(* Let $E\to M$ be a vector bundle with nondegenerate symmetric fiber metric $h$ and metric connection $\nabla$, and consider the Rothstein–Poisson bracket on $\Gamma^\infty(\bigwedge^\bullet\tau^\sharp E)$. Let $u_1,\dots,u_K$ be a local frame of $E$ such that the functions $h_{AB}=h(u_A,u_B)$ are constant, and define the local sections $$r_i=p_i-\tfrac12\tau^\sharp\big(h^{AB}\Gamma^C_{iA}u_B\wedge u_C\big).$$ Then $\{q^i,r_j\}=\delta^i_j$, $\{\tau^\sharp u_A,\tau^\sharp u_B\}=h_{AB}$, and $\{q^i,q^j\}=\{q^i,\tau^\sharp u_A\}=\{r_i,r_j\}=\{r_i,\tau^\sharp u_A\}=0$.
   Context: $\tau:T^\ast M\to M$ is the cotangent projection, $(q^i,p_i)$ the bundle coordinates on $T^\ast M$ induced by local coordinates $x^i$ on $M$, $\tau^\sharp E$ the pullback bundle with pullback connection $\tau^\sharp\nabla$, and $\tau^\sharp u_A$ the pullback frame. $(h^{AB})$ is the inverse matrix of $(h_{AB})$, $\Gamma^B_{iA}$ the Christoffel symbols ($\nabla_{\partial/\partial x^i}u_A=\Gamma^B_{iA}u_B$), $R^C_{Aij}$ the curvature components ($R(\partial_i,\partial_j)u_A=R^C_{Aij}u_C$), $u^A$ the dual frame. For $\sigma\in E^\ast$, $i(\sigma)$ is the left interior product on $\bigwedge^\bullet E$ and $j(\sigma)\psi=(-1)^{m-1}i(\sigma)\psi$ for $\psi$ of Grassmann degree $m$; $\partial\varphi/\partial p_i:=(\tau^\sharp\nabla)_{\partial/\partial p_i}\varphi$. The Rothstein–Poisson bracket is the super-Poisson bracket on $\Gamma^\infty(\bigwedge^\bullet\tau^\sharp E)$ (functions on $T^\ast M$ included in degree $0$) given locally by $\{\varphi,\psi\}=(\tau^\sharp\nabla)_{\partial/\partial q^i}\varphi\wedge\frac{\partial\psi}{\partial p_i}-\frac{\partial\varphi}{\partial p_i}\wedge(\tau^\sharp\nabla)_{\partial/\partial q^i}\psi-\frac12\tau^\sharp(h^{AB}R^C_{Aij}u_B\wedge u_C)\wedge\frac{\partial\varphi}{\partial p_i}\wedge\frac{\partial\psi}{\partial p_j}+h_{AB}\,j(u^A)\varphi\wedge i(u^B)\psi$. *)

From HB Require Import structures.
From mathcomp Require Import all_boot all_order all_algebra.
From mathcomp Require Import all_classical all_reals all_analysis.
Set Implicit Arguments. Unset Strict Implicit. Unset Printing Implicit Defensive.
Import Order.TTheory GRing.Theory Num.Theory.
Import numFieldNormedType.Exports.
Local Open Scope ring_scope.
Lemma log2_sum_term_bound i N : (i < N)%nat ->
  Rabs (harmonic (N - 1 - i) / 2 - lambda_sum 1 N + ln 2) <= (1 + INR i) / INR (N - i).
Proof.
  intros Hi; set (M := (N - 1 - i)%nat).
  replace (N - i)%nat with (S M) by (unfold M; lia).
  replace (lambda_sum 1 N) with (lambda_sum 1 (S M + i)) by (f_equal; unfold M; lia).
  pose proof (lambda_sum_1_harmonic M); pose proof (harmonic_double_sub_ln2 M).
  pose proof (lambda_sum_1_add_bound M i).
  assert (0 < INR (S M)) by (apply lt_0_INR; lia).
  assert (INR i / oddR (S M) <= INR i / INR (S M)).
  { unfold Rdiv; apply Rmult_le_compat_l; [apply pos_INR|].
    apply Rinv_le_contravar; [lra|unfold oddR; pose proof (pos_INR (S M)); lra]. }
  replace ((1 + INR i) / INR (S M)) with (/ INR (S M) + INR i / INR (S M)) by (field; lra).
  apply Rabs_le; lra.
Qed.

Lemma log2_sum_weighted_term_bound q i N : (2 <= q)%nat -> (i < N)%nat ->
  Rabs (/ oddR i ^ q * (harmonic (N - 1 - i) / 2 - lambda_sum 1 N + ln 2))
  <= (2 / oddR i + / INR (N - i)) / (2 * INR N + 1).
Proof.
  intros Hq Hi; pose proof (log2_sum_term_bound i N Hi).
  pose proof (oddR_ge_1 i).
  assert (0 < INR (N - i)) by (apply lt_0_INR; lia).
  assert (Hweight : 0 < / oddR i ^ q <= / oddR i ^ 2).
  { split; [apply Rinv_0_lt_compat, pow_lt; lra|].
    apply Rinv_le_contravar; [apply pow_lt; lra|apply Rle_pow; auto]. }
  assert (1 + INR i <= oddR i) by (unfold oddR; pose proof (pos_INR i); lra).
  rewrite Rabs_mult, Rabs_pos_eq by lra.
  apply Rle_trans with (/ oddR i ^ 2 * ((1 + INR i) / INR (N - i))).
  { apply Rmult_le_compat; try lra; apply Rabs_pos. }
  apply Rle_trans with (/ (oddR i * INR (N - i))).
  - apply Rmult_le_reg_r with (oddR i * oddR i * INR (N - i)).
    + apply Rmult_lt_0_compat; [apply Rmult_lt_0_compat|]; lra.
    + simpl pow; field_simplify; lra.
  (* because [oddR i + 2 (N - i) = 2 N + 1] *)
  - right; replace (2 * INR N + 1) with (oddR i + 2 * INR (N - i))
      by (rewrite minus_INR by lia; unfold oddR; lra).
    field; lra.
Qed.

Lemma log2_sum_bound q N : (2 <= q)%nat ->
  Rabs (log2_sum q N + ln 2 * lambda_sum q N) <= 3 * (harmonic N / (2 * INR N + 1)).
Proof.
  intros Hq; unfold log2_sum.
  change (lambda_sum q N) with (psum (fun i => / oddR i ^ q) N).
  rewrite <- psum_scal, <- psum_plus.
  eapply Rle_trans; [apply Rabs_psum_le|].
  assert (HN : 0 < 2 * INR N + 1) by (pose proof (pos_INR N); lra).
  apply Rle_trans with
    (psum (fun i => / (2 * INR N + 1) * (2 * / oddR i + / INR (N - i))) N).
  { apply psum_le; intros i Hi.
    replace (/ (2 * INR N + 1) * (2 * / oddR i + / INR (N - i)))
      with ((2 / oddR i + / INR (N - i)) / (2 * INR N + 1)) by (unfold Rdiv; ring).
    rewrite <- (log2_sum_weighted_term_bound q i N Hq Hi).
    right; f_equal; ring. }
  rewrite psum_scal, psum_plus, psum_scal, psum_inv_sub_harmonic.
  assert (Hodd : 0 <= psum (fun i => / oddR i) N <= harmonic N).
  { split; [apply psum_nonneg; intros; left; apply Rinv_0_lt_compat, oddR_pos|].
    rewrite harmonic_psum; apply psum_le; intros i _.
    apply Rinv_le_contravar; [apply lt_0_INR; lia|].
    unfold oddR; rewrite S_INR; pose proof (pos_INR i); lra. }
  unfold Rdiv; rewrite (Rmult_comm (harmonic N)), <- Rmult_assoc, (Rmult_comm 3), Rmult_assoc.
  apply Rmult_le_compat_l; [left; apply Rinv_0_lt_compat|]; lra.
Qed.

Lemma is_lim_seq_log2_sum q : (2 <= q)%nat ->
  is_lim_seq (log2_sum q) (- ln 2 * dirichlet_lambda q).
Proof.
  intros Hq.
  apply is_lim_seq_ext
    with (fun N => (log2_sum q N + ln 2 * lambda_sum q N) + - ln 2 * lambda_sum q N);
    [intros; ring|].
  replace (- ln 2 * dirichlet_lambda q) with (0 + - ln 2 * dirichlet_lambda q) by ring.
  apply is_lim_seq_plus'.
  - apply is_lim_seq_abs_0, is_lim_seq_le_le
      with (fun _ => 0) (fun N => 3 * (harmonic N / (2 * INR N + 1))).
    + intros N; split; [apply Rabs_pos|apply log2_sum_bound, Hq].
    + apply is_lim_seq_const.
    + replace (Finite 0) with (Rbar_mult 3 0) by (simpl; f_equal; ring).
      apply is_lim_seq_scal_l, is_lim_seq_harmonic_div.
  - apply is_lim_seq_mult'; [apply is_lim_seq_const|apply is_lim_seq_lambda_sum, Hq].
Qed.

Lemma sum_n_even_odd_products (f : nat -> R) k :
  sum_n (fun j => if (1 <=? j)%nat then f (2 * j)%nat * f (2 * k + 3 - 2 * j)%nat else 0) k
  = psum (fun j => f (2 * k + 1 - 2 * j)%nat * f (2 * j + 2)%nat) k.
Proof.
  rewrite sum_n_psum, psum_Sl, Rplus_0_l; apply psum_ext; intros j _; cbn [Nat.leb].
  replace (2 * S j)%nat with (2 * j + 2)%nat by lia.
  replace (2 * k + 3 - (2 * j + 2))%nat with (2 * k + 1 - 2 * j)%nat by lia.
  apply Rmult_comm.
Qed.

Theorem mainTheorem2 (a : nat) (ha : (1 <= a)%nat) :
  is_series (fun k : nat => harmonic (S k) / (2 * INR (S k) + 1) ^ (2 * a))
    (- 2 * dirichlet_lambda (2 * a) * ln 2
     + 2 * INR a * dirichlet_lambda (2 * a + 1)
     - 2 * sum_n (fun j : nat =>
                    if (1 <=? j)%nat
                    then dirichlet_lambda (2 * j) * dirichlet_lambda (2 * a + 1 - 2 * j)
                    else 0) (a - 1)).
Proof.
  set (lam := dirichlet_lambda).
  destruct a as [|k]; [lia|]; replace (S k - 1)%nat with k by lia.
  replace (2 * S k + 1)%nat with (2 * k + 3)%nat by lia.
  replace (2 * S k)%nat with (2 * k + 2)%nat by lia.
  rewrite sum_n_even_odd_products; apply is_series_psum.
  apply (is_lim_seq_ext (fun N => psum (fun n => harmonic n / oddR n ^ (2 * k + 2)) (S N))).
  { intros N; rewrite psum_Sl; simpl harmonic; unfold Rdiv at 1.
    rewrite Rmult_0_l, Rplus_0_l; reflexivity. }
  apply (is_lim_seq_incr_1 (fun N => psum (fun n => harmonic n / oddR n ^ (2 * k + 2)) N)).
  apply (is_lim_seq_ext _ _ _ (fun N => eq_sym (psum_harmonic_div_oddR_pow_even k N))).
  replace (- 2 * lam (2 * k + 2)%nat * ln 2 + 2 * INR (S k) * lam (2 * k + 3)%nat
           - 2 * psum (fun j => lam (2 * k + 1 - 2 * j)%nat * lam (2 * j + 2)%nat) k)
    with (2 * lam (2 * k + 3)%nat + 2 * (- ln 2 * lam (2 * k + 2)%nat)
          - 2 * psum (fun j => lam (2 * k + 1 - 2 * j)%nat * lam (2 * j + 2)%nat
                               - lam (2 * k + 3)%nat) k)
    by (rewrite psum_minus, psum_const, S_INR; ring).
  apply is_lim_seq_minus'; [apply is_lim_seq_plus'|];
    apply is_lim_seq_scal_l with (a := 2) (lu := Finite _).
  - apply is_lim_seq_lambda_sum; lia.
  - apply is_lim_seq_log2_sum; lia.
  - apply is_lim_seq_psum; intros j Hj.
    apply is_lim_seq_minus'; [apply is_lim_seq_mult'|]; apply is_lim_seq_lambda_sum; lia.
Qed.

════════════════════

> Exercise details
Quote exactly the first line of the data and every line after it through the one holding "From HB Require Import structures.".

> Task result
(* Let $E\to M$ be a vector bundle with nondegenerate symmetric fiber metric $h$ and metric connection $\nabla$, and consider the Rothstein–Poisson bracket on $\Gamma^\infty(\bigwedge^\bullet\tau^\sharp E)$. Let $u_1,\dots,u_K$ be a local frame of $E$ such that the functions $h_{AB}=h(u_A,u_B)$ are constant, and define the local sections $$r_i=p_i-\tfrac12\tau^\sharp\big(h^{AB}\Gamma^C_{iA}u_B\wedge u_C\big).$$ Then $\{q^i,r_j\}=\delta^i_j$, $\{\tau^\sharp u_A,\tau^\sharp u_B\}=h_{AB}$, and $\{q^i,q^j\}=\{q^i,\tau^\sharp u_A\}=\{r_i,r_j\}=\{r_i,\tau^\sharp u_A\}=0$.
   Context: $\tau:T^\ast M\to M$ is the cotangent projection, $(q^i,p_i)$ the bundle coordinates on $T^\ast M$ induced by local coordinates $x^i$ on $M$, $\tau^\sharp E$ the pullback bundle with pullback connection $\tau^\sharp\nabla$, and $\tau^\sharp u_A$ the pullback frame. $(h^{AB})$ is the inverse matrix of $(h_{AB})$, $\Gamma^B_{iA}$ the Christoffel symbols ($\nabla_{\partial/\partial x^i}u_A=\Gamma^B_{iA}u_B$), $R^C_{Aij}$ the curvature components ($R(\partial_i,\partial_j)u_A=R^C_{Aij}u_C$), $u^A$ the dual frame. For $\sigma\in E^\ast$, $i(\sigma)$ is the left interior product on $\bigwedge^\bullet E$ and $j(\sigma)\psi=(-1)^{m-1}i(\sigma)\psi$ for $\psi$ of Grassmann degree $m$; $\partial\varphi/\partial p_i:=(\tau^\sharp\nabla)_{\partial/\partial p_i}\varphi$. The Rothstein–Poisson bracket is the super-Poisson bracket on $\Gamma^\infty(\bigwedge^\bullet\tau^\sharp E)$ (functions on $T^\ast M$ included in degree $0$) given locally by $\{\varphi,\psi\}=(\tau^\sharp\nabla)_{\partial/\partial q^i}\varphi\wedge\frac{\partial\psi}{\partial p_i}-\frac{\partial\varphi}{\partial p_i}\wedge(\tau^\sharp\nabla)_{\partial/\partial q^i}\psi-\frac12\tau^\sharp(h^{AB}R^C_{Aij}u_B\wedge u_C)\wedge\frac{\partial\varphi}{\partial p_i}\wedge\frac{\partial\psi}{\partial p_j}+h_{AB}\,j(u^A)\varphi\wedge i(u^B)\psi$. *)

From HB Require Import structures.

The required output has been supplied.